I am a PhD candidate at the Department of History at the University of Amsterdam. My PhD project explores the study of Earth's own history in the Low Countries from 1740 to 1840. This period saw the establishment of geology as an independent discipline, concerned with the study of 'deep time'. My dissertation aims to show not just how the notion of deep time was developed, but also why it became the focus of learned debate. I seek to understand what kind of particular political and cultural attachments it emerged with, how the materiality, social relationships, and imaginations of a particular place shaped knowledge that became part of today’s geological sense of time. What kinds of engagements with nature made the imagination of a deep past possible? How did Enlightenment ideas about religion, cosmology, epistemology, human history, and the utility of nature filter into the concept of deep time as it emerged from the imagination of European naturalists? How did they come to distinguish between the 'shallow' time of human history and the immeasurable depths of Earth's past?
My dissertation explores these questions in the Low Countries—the modern Netherlands and Belgium. I use this geographical lens to chart the ways in which particular natural and cultural landscapes gave rise to different ways of thinking about the ancient past.
My research is funded by The Netherlands Organisation for Scientific Research (NWO).
In addition to my research, I've taught several courses. Most recently, I co-designed a honours course in the History of Environmentalism for the UvA's Institute for Interdisciplinary Studies.

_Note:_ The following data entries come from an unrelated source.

(* Let $L$ be a finite-dimensional Lie superalgebra with free presentation $0\to R\to F\to L\to 0$, and let $(T,\lambda)$ be a universal element of $C(L)$. Then $\mathrm{Ker}(\lambda)\cong (F'\cap R)/[F,R]$.
   Context: Lie superalgebras over a field of characteristic $\neq 2,3$; homomorphisms are even. A free presentation of $L$ is a free Lie superalgebra $F$ on a $\mathbb{Z}_2$-graded set with a surjective homomorphism $F\to L$ whose kernel is $R$; $F'=[F,F]$. $C(L)$ is the class of pairs $(K,\lambda)$ with $\lambda:K\to L$ a surjective homomorphism and $\mathrm{Ker}(\lambda)\subseteq[K,K]\cap Z(K)$, $Z(K)$ the center. $(T,\sigma)\in C(L)$ is universal if for every $(K,\lambda)\in C(L)$ there is a homomorphism $\tau:T\to K$ with $\lambda\circ\tau=\sigma$. *)

From HB Require Import structures.
From mathcomp Require Import all_boot all_order all_algebra.
Set Implicit Arguments. Unset Strict Implicit. Unset Printing Implicit Defensive.
Import GRing.Theory.
Local Open Scope ring_scope.

Definition ssign (K : fieldType) (b : bool) : K := if b then -1 else 1.

Record lieSuper (K : fieldType) := LieSuper {
  lsT :> lmodType K;
  lsdeg : bool -> lsT -> Prop;
  lsbr : lsT -> lsT -> lsT;
  lsdeg0 : forall b, lsdeg b 0;
  lsdegD : forall b x y, lsdeg b x -> lsdeg b y -> lsdeg b (x + y);
  lsdegZ : forall b (a : K) x, lsdeg b x -> lsdeg b (a *: x);
  lsdeg_sum : forall x, exists x0 x1,
      lsdeg false x0 /\ lsdeg true x1 /\ x = x0 + x1;
  lsdeg_direct : forall x, lsdeg false x -> lsdeg true x -> x = 0;
  lsbr_linl : forall (a : K) x y z, lsbr (a *: x + y) z = a *: lsbr x z + lsbr y z;
  lsbr_linr : forall (a : K) x y z, lsbr z (a *: x + y) = a *: lsbr z x + lsbr z y;
  lsbr_deg : forall i j x y, lsdeg i x -> lsdeg j y -> lsdeg (i (+) j) (lsbr x y);
  lsbr_anti : forall i j x y, lsdeg i x -> lsdeg j y ->
      lsbr x y = - (ssign K (i && j) *: lsbr y x);
  lsbr_jacobi : forall i j k x y z, lsdeg i x -> lsdeg j y -> lsdeg k z ->
      ssign K (i && k) *: lsbr x (lsbr y z)
    + ssign K (j && i) *: lsbr y (lsbr z x)
    + ssign K (k && j) *: lsbr z (lsbr x y) = 0
}.

Arguments lsdeg {K} _ _ _.
Arguments lsbr {K} _ _ _.

Section LieDefs.
Variable K : fieldType.

Definition ls_findim (L : lieSuper K) : Prop :=
  exists (n : nat) (v : 'I_n -> L), forall x : L,
    exists c : 'I_n -> K, x = \sum_(i < n) c i *: v i.

Definition ls_hom (L M : lieSuper K) (f : L -> M) : Prop :=
  [/\ forall (a : K) (x y : L), f (a *: x + y) = a *: f x + f y,
      forall b x, lsdeg L b x -> lsdeg M b (f x)
    & forall x y, f (lsbr L x y) = lsbr M (f x) (f y)].

Definition ls_span (L : lieSuper K) (P : L -> Prop) : L -> Prop :=
  fun x => exists (n : nat) (c : 'I_n -> K) (v : 'I_n -> L),
    (forall i, P (v i)) /\ x = \sum_(i < n) c i *: v i.

Definition ls_brk (L : lieSuper K) (A B : L -> Prop) : L -> Prop :=
  ls_span (fun z => exists a b, A a /\ B b /\ z = lsbr L a b).

Definition ls_all (L : lieSuper K) : L -> Prop := fun _ => True.

Definition ls_derived (L : lieSuper K) : L -> Prop := ls_brk (@ls_all L) (@ls_all L).

Definition ls_center (L : lieSuper K) : L -> Prop :=
  fun z => forall x, lsbr L z x = 0.

Definition ls_ker (L M : lieSuper K) (f : L -> M) : L -> Prop :=
  fun x => f x = 0.

Definition ls_free (F : lieSuper K) (X : Type) (deg : X -> bool) (iota : X -> F)
  : Prop :=
  (forall x, lsdeg F (deg x) (iota x)) /\
  forall (M : lieSuper K) (f : X -> M), (forall x, lsdeg M (deg x) (f x)) ->
    exists g : F -> M, [/\ ls_hom g, (forall x, g (iota x) = f x) &
      forall g' : F -> M, ls_hom g' -> (forall x, g' (iota x) = f x) ->
        forall y, g' y = g y].

Definition in_C (L T : lieSuper K) (lam : T -> L) : Prop :=
  [/\ ls_hom lam, (forall y : L, exists x, lam x = y)
    & forall z, ls_ker lam z -> ls_derived z /\ ls_center z].

Definition C_universal (L T : lieSuper K) (sig : T -> L) : Prop :=
  in_C sig /\
  forall (M : lieSuper K) (lam : M -> L), in_C lam ->
    exists tau : T -> M, ls_hom tau /\ forall x, lam (tau x) = sig x.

In 2019-2020, together with Wouter de Vries (VU), I curated the exhibition 'A Look Inside the Earth' (Kijken in de Aarde) for Teylers Museum in Haarlem, displaying the way in which eighteenth- and nineteenth-century authors imagined and depicted the insides of our planet.
My interests range from early modern intellectual and environmental history to more recent histories of science, environmentalism, and environmental politics.